Wieder aus dem beeindruckenden Museum heraußen, marschieren wir unsere Runde weiter - immer im Blick das herrliche Bergpanorama, die vielen Downhiller und Paraglider.

Wir haben den Rundwanderweg geschafft und kommen wieder an der Friedensglocke vorbei. Jetzt wollen wir noch zum „Museum of Mountain Photography“ – Lumen! Am 20.12.2018 wurde die alte Bergstation umgebaut und das spektakuläre Museum für Bergfotografie Lumen eröffnet. Über drei Etagen findest du hier eine Mischung aus historischen Fotos, zeitgenössische Bilder und digitale Innovationen im Spiegelsaal. Die 17,- € Eintrittspreis pro Person sind jeden Cent wert. Tief beeindruckt verlassen wir wieder das Museum. Im angrenzendem Food Space & Restaurant „Alpinn“ genießen wir auf der großen Terrasse die Sonne, den Rundumblick und ein kühles Blondes.

Tief beeindruckt von dem Berg, seinem Panorama und seinen Besonderheiten, steigen wir in die Gondel und fahren talwärts. Wieder am Campingplatz, wird erst mal in den geheizten Pool gesprungen und danach gekocht und relaxed.

Kleine Radtour vor Ort

 

Die ersten Sonnenstrahlen kitzeln uns wach. Ich hole im CP-Shop frisches Gebäck und anschließen frühstücken wir ausgiebig. Danach fahren wir nach Olang und kaufen in der Fleischerei gute Rinderfilets. Wieder beim Wohnwagen wird relaxt und die Sonne genossen. Danach kommen die Filets in die Pfanne. Nach einem kurzen Verdauungsschläfchen, entschließen wir uns zu einer kleinen Radtour. Vom Campingplatz geht es parallel zur Straße hoch nach Niederrasen und von hier flach bis nach Oberrasen mit herrlichem Blick auf das Bergmassiv der Riesenferner-Gruppe. Mit einem kleinen Schwenk, biegen wir in den Biotopweg ein. Das Biotop Rasner Möser in der Talsohle von Antholz, führt uns durch einen dichten und artenvielfältigen Wald aus Laub- und Nadelbäumen entlang des 23ha großen Moorgebietes.
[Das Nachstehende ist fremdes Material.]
(* Let $\Gamma\in(0,1]$, $d_0\in(0,1)$, $r=1-\Gamma+\Gamma d_0$, and let $(b(t),d(t))$ be the solution of $\dot b=d$, $\dot d=\frac{\Gamma d}{1-\Gamma b}(1-b-d)-d$ with $b(0)=0$, $d(0)=d_0$; set $a(t)=b(t)+d(t)$. Then $a$ is strictly increasing on $[0,\infty)$ with $a(0)=d_0$ and $\lim_{t\to\infty}a(t)=d_0/r$; in particular no $t$ satisfies $a(t)\ge\beta$ when $\beta\ge d_0/r$. For every $\beta\in[d_0,d_0/r)$ and $t\ge0$, one has $a(t)\ge\beta$ if and only if $t\ge T(\beta,d_0,\Gamma)$, where $$T(\beta,d_0,\Gamma)=\frac1r\ln\left(\frac{1-r}{1-\frac{\beta}{d_0}r}\right).$$ *)

From Stdlib Require Import Reals Lra.
Open Scope R_scope.

(* (b, d) solves  b' = d,  d' = Gamma d (1 - b - d) / (1 - Gamma b) - d
   on [0, +oo), with b(0) = 0, d(0) = d0.  The right-hand side is required
   to be well defined (1 - Gamma b(t) <> 0) along the solution. *)
Definition is_solution (Gamma d0 : R) (b d : R -> R) : Prop :=
  b 0 = 0 /\ d 0 = d0 /\
  (forall t, 0 <= t ->
     1 - Gamma * b t <> 0 /\
     derivable_pt_lim b t (d t) /\
     derivable_pt_lim d t
       (Gamma * d t / (1 - Gamma * b t) * (1 - b t - d t) - d t)).

Definition rr (Gamma d0 : R) : R := 1 - Gamma + Gamma * d0.

Definition Tbeta (beta d0 Gamma : R) : R :=
  let r := rr Gamma d0 in
  / r * ln ((1 - r) / (1 - beta / d0 * r)).

From Stdlib Require Import Reals Lra.
Open Scope R_scope.

(* Along the solution the ratio (1 - b - d) / (1 - Gamma b) has
   zero derivative, so it stays equal to its initial value 1 - d0.  Solving
   this conservation law for d gives d = d0 - r b with r = rr Gamma d0, so b
   satisfies the linear equation b' = d0 - r b, b(0) = 0, whence
   b(t) = (d0/r) (1 - e^{-rt}).  Consequently a = b + d = d0 + (1 - r) b is
   the explicit profile (d0/r) (1 - (1 - r) e^{-rt}). *)

Lemma const_of_zero_derivative (f : R -> R) :
  (forall t, 0 <= t -> derivable_pt_lim f t 0) ->
  forall t, 0 <= t -> f t = f 0.
Proof.
  intros Hf t Ht. destruct (Req_dec t 0) as [->|Hne]; [reflexivity|].
  destruct (MVT_cor2 f (fun _ => 0) 0 t) as [c [Hc _]]; [lra| |lra].
  intros c Hc; apply Hf; lra.
Qed.

Lemma derivable_pt_lim_eq f x l l' :
  derivable_pt_lim f x l -> l = l' -> derivable_pt_lim f x l'.
Proof. now intros H <-. Qed.

(* The solution of y' = k - r y, y(0) = 0, on [0, +oo) is (k/r)(1 - e^{-rt}):
   the product (y - k/r) e^{rt} has zero derivative. *)
Lemma linear_ode_closed_form (y : R -> R) (k r : R) :
  r <> 0 -> y 0 = 0 ->
  (forall t, 0 <= t -> derivable_pt_lim y t (k - r * y t)) ->
  forall t, 0 <= t -> y t = k / r * (1 - exp (- (r * t))).
Proof.
  intros Hr Hy0 Hy.
  set (Y := fun t => (y t - k / r) * exp (r * t)).
  assert (HY : forall t, 0 <= t -> derivable_pt_lim Y t 0).
  { intros t Ht.
    assert (Hexp : derivable_pt_lim (comp exp (mult_real_fct r id)) t
                     (exp (r * t) * (r * 1))).
    { apply derivable_pt_lim_comp.
      - apply derivable_pt_lim_scal, derivable_pt_lim_id.
      - apply derivable_pt_lim_exp. }
    assert (Hshift : derivable_pt_lim (y - fct_cte (k / r))%F t
                       (k - r * y t - 0)).
    { apply derivable_pt_lim_minus; [now apply Hy|apply derivable_pt_lim_const]. }
    pose proof (derivable_pt_lim_mult _ _ _ _ _ Hshift Hexp) as HYt.
    unfold mult_fct, minus_fct, fct_cte, comp, mult_real_fct, id in HYt.
    eapply derivable_pt_lim_eq; [exact HYt|]. field; exact Hr. }
  intros t Ht.
  pose proof (const_of_zero_derivative Y HY t Ht) as HYc.
  unfold Y in HYc. rewrite Hy0, Rmult_0_r, exp_0 in HYc.
  pose proof (exp_pos (r * t)) as Hpos.
  rewrite exp_Ropp.
  apply (Rmult_eq_reg_r (exp (r * t))); [|lra].
  replace (y t * exp (r * t))
    with ((y t - k / r) * exp (r * t) + k / r * exp (r * t)) by ring.
  rewrite HYc. field. split; lra.
Qed.

Lemma Rmult_le_iff_l k x y : 0 < k -> (k * x <= k * y <-> x <= y).
Proof.
  intro Hk; split; intro H.
  - exact (Rmult_le_reg_l k x y Hk H).
  - apply Rmult_le_compat_l; lra.
Qed.

Lemma exp_le_iff x y : exp x <= exp y <-> x <= y.
Proof.
  split; intro H.
  - destruct (Rle_lt_dec x y) as [|Hlt]; [assumption|].
    apply exp_increasing in Hlt; lra.
  - destruct (Req_dec x y) as [->|]; [lra|]. left; apply exp_increasing; lra.
Qed.

Lemma ln_le_iff_le_exp x y : 0 < x -> (ln x <= y <-> x <= exp y).
Proof. intro Hx. rewrite <- (exp_le_iff (ln x) y), exp_ln by exact Hx. tauto. Qed.

Lemma exp_decay_small (r eps : R) :
  0 < r -> 0 < eps ->
  exists M, forall t, M <= t -> exp (- (r * t)) < eps.
Proof.
  intros Hr Heps. exists ((1 - ln eps) / r). intros t Ht.
  assert (Hrt : 1 - ln eps <= r * t).
  { apply (Rmult_le_compat_l r) in Ht; [|lra].
    replace (r * ((1 - ln eps) / r)) with (1 - ln eps) in Ht by (field; lra).
    exact Ht. }
  rewrite <- (exp_ln eps) by exact Heps. apply exp_increasing. lra.
Qed.

Definition profile (d0 r t : R) : R := d0 / r * (1 - (1 - r) * exp (- (r * t))).

Section Profile.
Variables d0 r : R.
Hypothesis Hd0 : 0 < d0.
Hypothesis Hr : 0 < r < 1.

Lemma gap_coefficient_pos : 0 < d0 / r * (1 - r).
Proof. apply Rmult_lt_0_compat; [apply Rdiv_lt_0_compat|]; lra. Qed.

Lemma profile_gap t :
  d0 / r - profile d0 r t = d0 / r * (1 - r) * exp (- (r * t)).
Proof. unfold profile; ring. Qed.

Lemma profile_gap_pos t : 0 < d0 / r * (1 - r) * exp (- (r * t)).
Proof.
  apply Rmult_lt_0_compat; [exact gap_coefficient_pos|apply exp_pos].
Qed.

(* The gap decreases strictly, so the profile increases strictly. *)
Lemma profile_increasing s t : s < t -> profile d0 r s < profile d0 r t.
Proof.
  intro Hst.
  assert (exp (- (r * t)) < exp (- (r * s))) by (apply exp_increasing; nra).
  pose proof (profile_gap s). pose proof (profile_gap t).
  pose proof gap_coefficient_pos. nra.
Qed.

Lemma profile_lt_limit t : profile d0 r t < d0 / r.
Proof. pose proof (profile_gap t); pose proof (profile_gap_pos t); lra. Qed.

Lemma profile_converges eps :
  0 < eps -> exists M, forall t, M <= t -> Rabs (profile d0 r t - d0 / r) < eps.
Proof.
  intro Heps.
  set (c := d0 / r * (1 - r)).
  assert (Hc : 0 < c) by exact gap_coefficient_pos.
  destruct (exp_decay_small r (eps / c)) as [M HM]; [lra|now apply Rdiv_lt_0_compat|].
  exists M; intros t Ht.
  rewrite Rabs_minus_sym, profile_gap, Rabs_right by (left; apply profile_gap_pos).
  specialize (HM t Ht). fold c.
  apply (Rmult_lt_compat_l c) in HM; [|exact Hc].
  replace (c * (eps / c)) with eps in HM by (field; lra). exact HM.
Qed.

(* Crossing time of a level beta below the limit d0/r: solving
   beta <= profile for t through (1 - r) e^{-rt} <= 1 - beta r / d0. *)
Lemma profile_threshold beta t :
  beta < d0 / r ->
  (beta <= profile d0 r t <-> / r * ln ((1 - r) / (1 - beta / d0 * r)) <= t).
Proof.
  intro Hbeta.
  set (c := 1 - beta / d0 * r).
  assert (Hc : 0 < c).
  { assert (beta * r < d0).
    { apply (Rmult_lt_compat_r r) in Hbeta; [|lra].
      replace (d0 / r * r) with d0 in Hbeta by (field; lra). lra. }
    unfold c. assert (beta / d0 * r < 1); [|lra].
    replace (beta / d0 * r) with (beta * r * / d0) by (field; lra).
    rewrite <- (Rinv_r d0) by lra.
    apply Rmult_lt_compat_r; [apply Rinv_0_lt_compat|]; lra. }
  pose proof (exp_pos (r * t)) as He.
  transitivity ((1 - r) * exp (- (r * t)) <= c).
  { rewrite <- (Rmult_le_iff_l (r / d0) beta (profile d0 r t))
      by (apply Rdiv_lt_0_compat; lra).
    unfold profile, c.
    replace (r / d0 * (d0 / r * (1 - (1 - r) * exp (- (r * t)))))
      with (1 - (1 - r) * exp (- (r * t))) by (field; lra).
    replace (r / d0 * beta) with (beta / d0 * r) by (field; lra).
    split; intro; lra. }
  transitivity ((1 - r) / c <= exp (r * t)).
  { rewrite <- (Rmult_le_iff_l (exp (r * t) / c) ((1 - r) * exp (- (r * t))) c)
      by (apply Rdiv_lt_0_compat; lra).
    rewrite exp_Ropp.
    replace (exp (r * t) / c * ((1 - r) * / exp (r * t))) with ((1 - r) / c)
      by (field; lra).
    replace (exp (r * t) / c * c) with (exp (r * t)) by (field; lra).
    reflexivity. }
  rewrite <- ln_le_iff_le_exp by (apply Rdiv_lt_0_compat; lra).
  rewrite <- (Rmult_le_iff_l (/ r) (ln ((1 - r) / c)) (r * t))
    by (apply Rinv_0_lt_compat; lra).
  replace (/ r * (r * t)) with t by (field; lra).
  reflexivity.
Qed.

End Profile.

Section Solution.
Variables Gamma d0 : R.
Variables b d : R -> R.
Hypothesis Hsol : is_solution Gamma d0 b d.

(* Conservation law: (1 - b - d) / (1 - Gamma b) is constant, equal to 1 - d0. *)
Lemma solution_conservation t :
  0 <= t -> 1 - (b t + d t) = (1 - d0) * (1 - Gamma * b t).
Proof.
  destruct Hsol as [Hb0 [Hd0 Hode]].
  set (Q := fun t => (1 - (b t + d t)) / (1 - Gamma * b t)).
  assert (HQ : forall t, 0 <= t -> derivable_pt_lim Q t 0).
  { intros s Hs. destruct (Hode s Hs) as [Hden [Hb' Hd']].
    assert (Hnum : derivable_pt_lim (fct_cte 1 - (b + d))%F s
      (0 - (d s + (Gamma * d s / (1 - Gamma * b s) * (1 - b s - d s) - d s)))).
    { apply derivable_pt_lim_minus; [apply derivable_pt_lim_const|].
      apply derivable_pt_lim_plus; assumption. }
    assert (Hdenom : derivable_pt_lim (fct_cte 1 - mult_real_fct Gamma b)%F s
                       (0 - Gamma * d s)).
    { apply derivable_pt_lim_minus; [apply derivable_pt_lim_const|].
      apply derivable_pt_lim_scal; assumption. }
    pose proof (derivable_pt_lim_div _ _ _ _ _ Hnum Hdenom Hden) as HQs.
    unfold minus_fct, plus_fct, fct_cte, mult_real_fct in HQs.
    eapply derivable_pt_lim_eq; [exact HQs|]. unfold Rsqr; field; exact Hden. }
  intro Ht. destruct (Hode t Ht) as [Hden _].
  pose proof (const_of_zero_derivative Q HQ t Ht) as HQc.
  unfold Q in HQc. rewrite Hb0, Hd0, Rmult_0_r, Rminus_0_r, Rdiv_1_r in HQc.
  apply (Rmult_eq_reg_r (/ (1 - Gamma * b t))); [|now apply Rinv_neq_0_compat].
  unfold Rdiv in HQc; rewrite HQc. field; exact Hden.
Qed.

Lemma solution_d_linear t : 0 <= t -> d t = d0 - rr Gamma d0 * b t.
Proof. intro Ht. pose proof (solution_conservation t Ht). unfold rr. nra. Qed.

Lemma solution_b_closed_form t :
  rr Gamma d0 <> 0 -> 0 <= t ->
  b t = d0 / rr Gamma d0 * (1 - exp (- (rr Gamma d0 * t))).
Proof.
  intros Hr. destruct Hsol as [Hb0 [_ Hode]].
  apply linear_ode_closed_form; [exact Hr|exact Hb0|].
  intros s Hs. rewrite <- solution_d_linear by exact Hs. apply (Hode s Hs).
Qed.

(* a = b + d = d0 + (1 - r) b is the explicit profile. *)
Lemma solution_a_profile t :
  rr Gamma d0 <> 0 -> 0 <= t -> b t + d t = profile d0 (rr Gamma d0) t.
Proof.
  intros Hr Ht. rewrite (solution_d_linear t Ht), (solution_b_closed_form t Hr Ht).
  unfold profile. field. exact Hr.
Qed.

End Solution.

Theorem theorem5 (Gamma d0 : R) (b d : R -> R) :
  0 < Gamma <= 1 -> 0 < d0 < 1 ->
  is_solution Gamma d0 b d ->
  let a := fun t => b t + d t in
  let r := rr Gamma d0 in
  (forall s t, 0 <= s -> s < t -> a s < a t) /\
  a 0 = d0 /\
  (forall eps, 0 < eps -> exists M, forall t, M <= t -> Rabs (a t - d0 / r) < eps) /\
  (forall beta, d0 / r <= beta -> forall t, 0 <= t -> ~ (beta <= a t)) /\
  (forall beta, d0 <= beta < d0 / r -> forall t, 0 <= t ->
     (beta <= a t <-> Tbeta beta d0 Gamma <= t)).
Proof.
  intros HG Hd Hsol a r.
  assert (Hr : 0 < r < 1) by (unfold r, rr; nra).
  assert (Ha : forall t, 0 <= t -> a t = profile d0 r t)
    by (intros t Ht; apply solution_a_profile; [exact Hsol|fold r; lra|exact Ht]).
  split; [|split; [|split; [|split]]].
  - intros s t Hs Hst. rewrite !Ha by lra. now apply profile_increasing.
  - destruct Hsol as [Hb0 [Hd0 _]]. unfold a. rewrite Hb0, Hd0. ring.
  - intros eps Heps.
    destruct (profile_converges d0 r (proj1 Hd) Hr eps Heps) as [M HM].
    exists (Rmax 0 M). intros t Ht.
    rewrite Ha by (eapply Rle_trans; [apply Rmax_l|exact Ht]).
    apply HM. eapply Rle_trans; [apply Rmax_r|exact Ht].
  - intros beta Hbeta t Ht Hle. rewrite Ha in Hle by exact Ht.
    pose proof (profile_lt_limit d0 r (proj1 Hd) Hr t). lra.
  - intros beta [_ Hbeta] t Ht. rewrite Ha by exact Ht.
    exact (profile_threshold d0 r (proj1 Hd) Hr beta t Hbeta).
Qed.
Wieder in Niederrasen, geht es flott runter zu unserem Campingplatz.

Gsiesertal

 

Heute wollen wir in das Gsiesertal, ein Seitental des Pustatals. Viel Natur und herrliche Landschaft begleiten uns durch die kleinen dörflichen Siedlungen und vorbei an verstreuten Weilern und Höfen. Wir fahren bis zum Talschluss. Hier parken wir und steigen in den Wanderweg zur Kradorfer Hütte ein. Auf einem asphaltierten Forstweg geht es stetig, aber familientauglich, nach oben. Bevor wir die Kradorfer Alm erreichen, biegen wir rechts weg, überqueren einen Bach und wandern auf einem Waldweg das restliche Stück hoch zur Kradorfer Hütte auf 1704m. In der urigen Almhütte kehren wir ein und essen sehr gut. Bevor wir wieder nach unten wandern genießen wir noch die Sonne auf der Alm mit Blick in das Tal.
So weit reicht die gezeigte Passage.